What is it? Stewart Lynch from PureDev Software has a good introduction for programmers: Gamma Encoding. In a nutshell: "The brain can distinguish more dark shades than light [shades]". Instead of directly storing the brightness of each color channel in normal RGB colors the values are distorted a bit towards darker shades. With 8 bit integers this gives us a lot more values for darker shades, and for our perception this is where it counts.

Figure 1 from Stewart Lynchs article: "Shows how brightness values are encoded into 8 bits (0 – 255)"

A word about naming and nomenclature here. Various posts use various names for the different color spaces but here I'll stick to those two:

Peceptual sRGB colors are your standard run-of-the-mill RGB values you see everywhere. Doubling a value gives you something that looks twice as bright to our human eyes (well, somewhat).

With linear sRGB doubling the value doubles the amount of physical brightness (photons) that reach your eyes. Doesn't necessary look like that to us humans, see the above image. But when you calculate light intensities in 3D games this is what you want to work with.

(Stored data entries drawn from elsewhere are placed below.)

Lemma widen_ffun_inj : injective widen_ffun.
Proof.
by move=> j1 j2 /ffunP E; apply: ffun_val_inj => k; rewrite -!widen_ffunE E.
Qed.
Lemma shift_ffun_inj : injective shift_ffun.
Proof.
by move=> j1 j2 /ffunP E; apply: ffun_val_inj => k; apply: succn_inj; rewrite -!shift_ffunE E.
Qed.
Lemma snoc_ffun_inj : injective snoc_ffun.
Proof.
by move=> j1 j2 /ffunP E; apply: ffun_val_inj => k; rewrite -!snoc_ffun_lift E.
Qed.
Lemma cons_ffun_inj : injective cons_ffun.
Proof.
move=> j1 j2 /ffunP E; apply: ffun_val_inj => k.
by apply: succn_inj; rewrite -!cons_ffun_lift E.
Qed.

Lemma incr_widen_ffun j : incr (widen_ffun j) = incr j.
Proof. by apply/incrP/incrP => H k l /H; rewrite !widen_ffunE. Qed.
Lemma incr_shift_ffun j : incr (shift_ffun j) = incr j.
Proof. by apply/incrP/incrP => H k l /H; rewrite !shift_ffunE. Qed.

Lemma incr_snoc_ffun j : incr (snoc_ffun j) = incr j.
Proof.
apply/incrP/incrP => H k l.
- by have := H (lift ord_max k) (lift ord_max l); rewrite !snoc_ffun_lift !lift_max_val.
- case: (unliftP ord_max k) => [k' ->|->]; case: (unliftP ord_max l) => [l' ->|->];
    rewrite ?snoc_ffun_lift ?snoc_ffun_max ?lift_max_val //= ?ltnn //.
  + exact: H.
  + by rewrite ltnNge (ltnW (ltn_ord l')).
Qed.

Lemma incr_cons_ffun j : incr (cons_ffun j) = incr j.
Proof.
apply/incrP/incrP => H k l.
- by have := H (lift ord0 k) (lift ord0 l); rewrite !cons_ffun_lift ltnS.
- case: (unliftP ord0 k) => [k' ->|->]; case: (unliftP ord0 l) => [l' ->|->];
    rewrite ?cons_ffun_lift ?cons_ffun0 //= ltnS; exact: H.
Qed.

Lemma widen_ffun_onto (i : {ffun 'I_d -> 'I_m.+1}) :
  (forall k, i k < m) -> exists j, widen_ffun j = i.
Proof.
move=> lt_m; exists [ffun k => Ordinal (lt_m k)].
by apply: ffun_val_inj => k; rewrite widen_ffunE ffunE.
Qed.

Lemma shift_ffun_onto (i : {ffun 'I_d -> 'I_m.+1}) :
  (forall k, 0 < i k) -> exists j, shift_ffun j = i.
Proof.
move=> gt0; have lt_m k : (i k).-1 < m by rewrite -ltnS prednK.
exists [ffun k => Ordinal (lt_m k)].
by apply: ffun_val_inj => k; rewrite shift_ffunE ffunE prednK.
Qed.

Lemma snoc_ffun_onto (i : {ffun 'I_d.+1 -> 'I_m.+1}) :
  i ord_max = m :> nat -> (forall k, i (lift ord_max k) < m) -> exists j, snoc_ffun j = i.
Proof.
move=> i_max lt_m; exists [ffun k => Ordinal (lt_m k)].
apply: ffun_val_inj => k; case: (unliftP ord_max k) => [k' ->|->].
- by rewrite snoc_ffun_lift ffunE.
- by rewrite snoc_ffun_max.
Qed.

Lemma cons_ffun_onto (i : {ffun 'I_d.+1 -> 'I_m.+1}) :
  i ord0 = 0 :> nat -> (forall k, 0 < i (lift ord0 k)) -> exists j, cons_ffun j = i.
Proof.
move=> i0 gt0; have lt_m k : (i (lift ord0 k)).-1 < m by rewrite -ltnS prednK.
exists [ffun k => Ordinal (lt_m k)].
apply: ffun_val_inj => k; case: (unliftP ord0 k) => [k' ->|->].
- by rewrite cons_ffun_lift ffunE prednK.
- by rewrite cons_ffun0.
Qed.

End IncreasingMaps.

Section SumIncreasing.
Variable R : zmodType.
Local Open Scope ring_scope.

Lemma sum_incr_dom0 m (Phi : {ffun 'I_0 -> 'I_m} -> R) :
  \sum_(i | incr i) Phi i = Phi (ffun0 (card_ord 0)).
Proof.
rewrite (big_pred1 (ffun0 (card_ord 0))) // => i /=.
have -> : incr i by apply/incrP => -[].
by symmetry; apply/eqP/ffunP => -[].
Qed.

Lemma sum_incr_cod0 d (Phi : {ffun 'I_d.+1 -> 'I_0} -> R) : \sum_(i | incr i) Phi i = 0.
Proof. by rewrite big_pred0 // => i; case: (i ord0). Qed.

Lemma sum_incr_split_last d m (Phi : {ffun 'I_d.+1 -> 'I_m.+1} -> R) :
  \sum_(i | incr i) Phi i =
  \sum_(j : {ffun 'I_d.+1 -> 'I_m} | incr j) Phi (widen_ffun j) +
  \sum_(j : {ffun 'I_d -> 'I_m} | incr j) Phi (snoc_ffun j).
Proof.
rewrite (bigID (fun i : {ffun 'I_d.+1 -> 'I_m.+1} => i ord_max == m :> nat)) /= addrC.
congr (_ + _); apply: big_reindex_inj.
- exact: widen_ffun_inj.
- move=> j; rewrite incr_widen_ffun widen_ffunE.
  by case: eqP (ltn_ord (j ord_max)) => [-> | _]; rewrite ?ltnn ?andbT.
- move=> i /andP [i_incr /eqP i_max]; apply: widen_ffun_onto => k.
  have := incr_le i_incr (leq_ord k : (k <= @ord_max d)%N).
  by move: (ltn_ord (i ord_max)) i_max => /=; lia.
- exact: snoc_ffun_inj.
- by move=> j; rewrite incr_snoc_ffun snoc_ffun_max eqxx andbT.
- move=> i /andP [i_incr /eqP i_max]; apply: snoc_ffun_onto => // k.
  by move: (elimT (incrP _) i_incr (lift ord_max k) ord_max); rewrite i_max lift_max_val; apply.
Qed.
(* Let $G$ be a finite group with $\pi_e(G)\subseteq\{1,2,3,4,6\}$ that has precisely three cyclic subgroups of order $6$. If there exist two cyclic subgroups of order $6$ of $G$ whose intersection has order $3$, then the intersection of any two distinct cyclic subgroups of order $6$ of $G$ has order $3$.
   Context: For a finite group $G$, $\pi_e(G)$ denotes the set of orders of elements of $G$. *)

From mathcomp Require Import all_boot all_fingroup.
Set Implicit Arguments. Unset Strict Implicit. Unset Printing Implicit Defensive.
Local Open Scope group_scope.

Definition elt_orders (gT : finGroupType) (G : {set gT}) : pred nat :=
  fun n => [exists x in G, #[x] == n].

Definition cyc6 (gT : finGroupType) (G : {set gT}) : {set {set gT}} :=
  [set (<[x]> : {set gT}) | x in G & #[x] == 6%N].

From mathcomp Require Import all_boot all_fingroup all_solvable.
Set Implicit Arguments.
Unset Strict Implicit.
Unset Printing Implicit Defensive.

Local Open Scope group_scope.

(* Let C, D be cyclic subgroups of order 6 meeting in <[a]> of order 3.  Then
   C = <[a t1]> and D = <[a t2]> for distinct involutions t1, t2 centralising
   a.  Two distinct involutions of a group always produce a third one (their
   product if they commute, a conjugate of one by the other otherwise), so
   'C_G[a] contains three involutions t, and the <[a t]> are three distinct
   cyclic subgroups of order 6 containing a.  As there are only three such
   subgroups in G, all of them contain a, so any two distinct ones meet in a
   subgroup of order 3 (it contains <[a]> and is proper in a group of
   order 6). *)

Section Involutions.
Variable gT : finGroupType.
Implicit Types t : gT.

Definition involutions (A : {set gT}) : {set gT} := [set t in A | #[t] == 2].

Lemma invg_order2 t : #[t] = 2 -> t^-1 = t.
Proof. by move=> ot; rewrite invg_expg ot expg1. Qed.

Lemma order2_nt t : #[t] = 2 -> t != 1.
Proof. by move=> ot; rewrite -order_eq1 ot. Qed.

Lemma order2P t : t ^+ 2 = 1 -> t != 1 -> #[t] = 2.
Proof. by move=> t2 nt; apply/prime_nt_dvdP; rewrite ?order_eq1 ?order_dvdn ?t2. Qed.

Lemma exists_third_involution (H : {group gT}) t1 t2 :
    t1 \in H -> t2 \in H -> #[t1] = 2 -> #[t2] = 2 -> t1 != t2 ->
  exists2 t3, t3 \in H & [/\ #[t3] = 2, t3 != t1 & t3 != t2].
Proof.
move=> t1H t2H ot1 ot2 t12.
have [/conjg_fixP/commgP ct12 | nct12] := eqVneq (t1 ^ t2) t1.
  exists (t1 * t2); first exact: groupM.
  split.
  - apply: order2P; first by rewrite expgMn // -{1}ot1 -ot2 !expg_order mulg1.
    by rewrite -eq_invg_mul invg_order2.
  - by rewrite -{2}[t1]mulg1 (inj_eq (mulgI t1)) order2_nt.
  - by rewrite -{2}[t2]mul1g (inj_eq (mulIg t2)) order2_nt.
exists (t1 ^ t2); first exact: groupJ.
split=> //; first by rewrite orderJ.
apply: contraNneq t12 => t1J; apply/eqP/(conjg_inj t2).
by rewrite t1J conjgE mulKg.
Qed.

Lemma three_involutions (H : {group gT}) t1 t2 :
    t1 \in H -> t2 \in H -> #[t1] = 2 -> #[t2] = 2 -> t1 != t2 ->
  3 <= #|involutions H|.
Proof.
move=> t1H t2H ot1 ot2 t12.
have [t3 t3H [ot3 t31 t32]] := exists_third_involution t1H t2H ot1 ot2 t12.
have <- : #|[set t1; t2; t3]| = 3.
  by rewrite -setUA cardsU1 cards2 !inE negb_or t12 eq_sym t31 eq_sym t32.
apply/subset_leq_card/subsetP=> t; rewrite !inE.
by case/orP=> [/orP[]|] /eqP->; rewrite ?t1H ?t2H ?t3H ?ot1 ?ot2 ?ot3.
Qed.

End Involutions.

Section OrderSix.
Variable gT : finGroupType.
Implicit Types a t s z : gT.

Section CommutingOrderThreeTwo.
Variables a t : gT.
Hypotheses (cat : commute a t) (oa : #[a] = 3) (ot : #[t] = 2).

Lemma order_mul32 : #[a * t] = 6.
Proof. by rewrite orderM // oa ot. Qed.

Lemma expg_mul32 k : (a * t) ^+ k = a ^+ (k %% 3) * t ^+ (k %% 2).
Proof. by rewrite expgMn // -oa -ot !expg_mod_order. Qed.

Lemma expg3_mul32 : (a * t) ^+ 3 = t.
Proof. by rewrite expg_mul32 expg0 mul1g. Qed.

Lemma mem_cycle_mul32 : a \in <[a * t]>.
Proof.
have at4 : (a * t) ^+ 4 = a by rewrite expg_mul32 expg0 mulg1.
by rewrite -{1}at4 mem_cycle.
Qed.

End CommutingOrderThreeTwo.

Lemma cycle_mul32_inj a t s :
    commute a t -> commute a s -> #[a] = 3 -> #[t] = 2 -> #[s] = 2 ->
  <[a * t]> = <[a * s]> -> t = s.
Proof.
move=> cat cas oa ot os Ets.
have /cycleP[k ask] : a * s \in <[a * t]> by rewrite Ets cycle_id.
have : s = t ^+ k.
  by rewrite -(expg3_mul32 cas oa os) ask -expgM mulnC expgM expg3_mul32.
rewrite -expg_mod_order ot modn2; case: (odd k) => [->|s1]; first exact: expg1.
by move: (order2_nt os); rewrite s1 eqxx.
Qed.

Lemma cycle_order6_decomp z a : #[z] = 6 -> a \in <[z]> -> #[a] = 3 ->
  [/\ commute a (z ^+ 3), #[z ^+ 3] = 2 & <[z]> = <[a * z ^+ 3]>].
Proof.
move=> oz az oa.
have ot : #[z ^+ 3] = 2 by rewrite orderXdiv oz.
have cat : commute a (z ^+ 3) by case/cycleP: az => k ->; apply: commuteX2.
split=> //; apply/esym/eqP; rewrite eqEcard cycle_subG groupM ?mem_cycle //=.
by rewrite -!orderE order_mul32 ?oz.
Qed.

Lemma card_setI_order6 (A B : {group gT}) a :
    #|A| = 6 -> #|B| = 6 -> A :!=: B -> a \in A :&: B -> #[a] = 3 ->
  #|A :&: B| = 3.
Proof.
move=> oA oB neAB aAB oa.
have dvd6 : #|A :&: B| %| 6 by rewrite -oA cardSg ?subsetIl.
have dvd3 : 3 %| #|A :&: B| by rewrite -oa orderE cardSg ?cycle_subG.
have ne6 : #|A :&: B| != 6.
  apply: contraNneq neAB => oAB.
  have /eqP <- : A :&: B == A by rewrite eqEcard subsetIl oA oAB.
  by rewrite eqEcard subsetIr oB oAB.
move: dvd6 dvd3 ne6; case: #|_| => [|[|[|[|[|[|[|k]]]]]]] //.
Qed.

Lemma cyc6P (G : {group gT}) (C : {set gT}) :
  reflect (exists z, [/\ z \in G, #[z] = 6 & C = <[z]>]) (C \in cyc6 G).
Proof.
apply: (iffP imsetP) => [[z /setIdP[zG /eqP oz] ->] | [z [zG oz ->]]].
  by exists z.
by exists z; rewrite // inE zG oz.
Qed.

Lemma card_involutions_cent_le_cyc6 (G : {group gT}) a : a \in G -> #[a] = 3 ->
  #|involutions 'C_G[a]| <= #|[set C in cyc6 G | a \in C]|.
Proof.
move=> aG oa; rewrite -(@card_in_imset _ _ (fun t => <[a * t]>)).
  apply/subset_leq_card/subsetP=> C /imsetP[t].
  case/setIdP=> /setIP[tG /cent1P/commute_sym cat] /eqP ot ->.
  rewrite inE mem_cycle_mul32 // andbT; apply/cyc6P.
  by exists (a * t); rewrite groupM ?order_mul32.
move=> t s /setIdP[/setIP[_ /cent1P/commute_sym cat] /eqP ot].
case/setIdP=> /setIP[_ /cent1P/commute_sym cas] /eqP os.
exact: cycle_mul32_inj.
Qed.

End OrderSix.

Theorem lemma3p2 (gT : finGroupType) (G : {group gT}) :
  (forall n, elt_orders G n -> n \in [:: 1; 2; 3; 4; 6]%N) ->
  #|cyc6 G| = 3%N ->
  (exists A B, [/\ A \in cyc6 G, B \in cyc6 G & #|A :&: B| = 3%N]) ->
  forall A B, A \in cyc6 G -> B \in cyc6 G -> A != B -> #|A :&: B| = 3%N.
Proof.
move=> _ card_cyc6 [_ [_ [/cyc6P[x [xG ox ->]] /cyc6P[y [yG oy ->]] oxy]]].
move=> A B AG BG neAB.
pose a := x ^+ 2.
have oa : #[a] = 3 by rewrite orderXdiv ox.
have /setIP[ax ay] : a \in <[x]> :&: <[y]>.
  have /eqP -> : (<[x]> :&: <[y]>)%G == <[a]>%G :> {set gT}.
    rewrite (eq_subG_cyclic (cycle_cyclic x)) ?subsetIl ?cycle_subG ?mem_cycle //.
    by rewrite -orderE oa oxy.
  exact: cycle_id.
have [cat1 ot1 Ex] := cycle_order6_decomp ox ax oa.
have [cat2 ot2 Ey] := cycle_order6_decomp oy ay oa.
have t12 : x ^+ 3 != y ^+ 3.
  by apply/eqP=> t12; move: oxy; rewrite Ex Ey t12 setIid -orderE order_mul32.
have tC z : z \in G -> commute a (z ^+ 3) -> z ^+ 3 \in 'C_G[a].
  by move=> zG caz; rewrite inE groupX //; apply/cent1P/commute_sym.
have through_a : [set C in cyc6 G | a \in C] = cyc6 G.
  apply/eqP; rewrite eqEcard card_cyc6; apply/andP; split.
    by apply/subsetP=> C /setIdP[].
  apply: leq_trans (card_involutions_cent_le_cyc6 (groupX 2 xG) oa).
  exact: three_involutions (tC x xG cat1) (tC y yG cat2) ot1 ot2 t12.
move: AG BG neAB; rewrite -through_a.
case/setIdP=> /cyc6P[u [_ ou ->]] au /setIdP[/cyc6P[v [_ ov ->]] av] neuv.
by apply: (card_setI_order6 _ _ neuv _ oa); rewrite -?orderE ?inE ?au ?av.
Qed.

You can translate between the two color spaces with a "transfer function" (fancy name):

linear_srgb_color     = perceptual_srgb_color ^ 2.2
perceptual_srgb_color = linear_srgb_color ^ (1/2.2)

Here 2.2 is "gamma" or "γ". And when you do stuff with linear sRGB colors it's usually called "gamma correction".

Note: This is a simplified transfer function that works most of the time. The official function is a bit more complicated but the results are nearly the same, so most don't care. But when you use OpenGLs sRGB support you should also use the official one or dark shades get distored, see below.

Blending artifacts in perceptual sRGB

John Novak wrote a pretty good article that shows the effects of gamma correction pretty nicely: What every coder should know about gamma. In there he makes a pretty good point that blending two peceptual sRGB colors causes some artifacts.

Figure 8 from John Novaks article: "Effects of gamma-incorrect colour blending. On the left gamma-correct image, the option Blend RGB Colors Using Gamma 1.0 was enabled in Photoshop CS6, on the right it was disabled (that’s the default gamma-incorrect legacy mode)."

Doing the blending with linear sRGB colors instead avoids those artifacts but often results in a brighter look. A linear color space is really important in computer graphics where you actually calculate light intensities and stuff. Not using linear sRGB can really mess things up there and ruin your weekend (or rather many weekends) so it's a rather sensitive topic for some.

Applying that to font rendering

Ok, but back to font rendering now. After reading all this my reasoning was: We have a coverage value for each subpixel. A coverage of 50% means 50% of light comes through from the background. So we should use our coverage values as light intensities and do the blending with linear sRGB colors, right?

But when you do subpixel font rendering and blend in linear sRGB this happens:

Effect of gamma correction on subpixel font rendering on two different examples.
Linear sRGB: Blending is done in linear space using OpenGLs GL_FRAMEBUFFER_SRGB. Input colors are converted with the official sRGB transfer function.
Perceptual sRGB: Blending in perceptual sRGB color space, aka alpha blending normal colors.
Gamma 1.43: Manual blending in the fragment shader with a set background color and a custom gamma of 1.43. Transparent text colors don't work here (never bothered to implement them in this mode).
Various scenarios:
Light to dark text:

Notice the unbalanced font weights in "linear sRGB" and "gamma 1.43"? Black on white looks thinner while white on black looks almost bold. The "light to dark text" example shows this especially well.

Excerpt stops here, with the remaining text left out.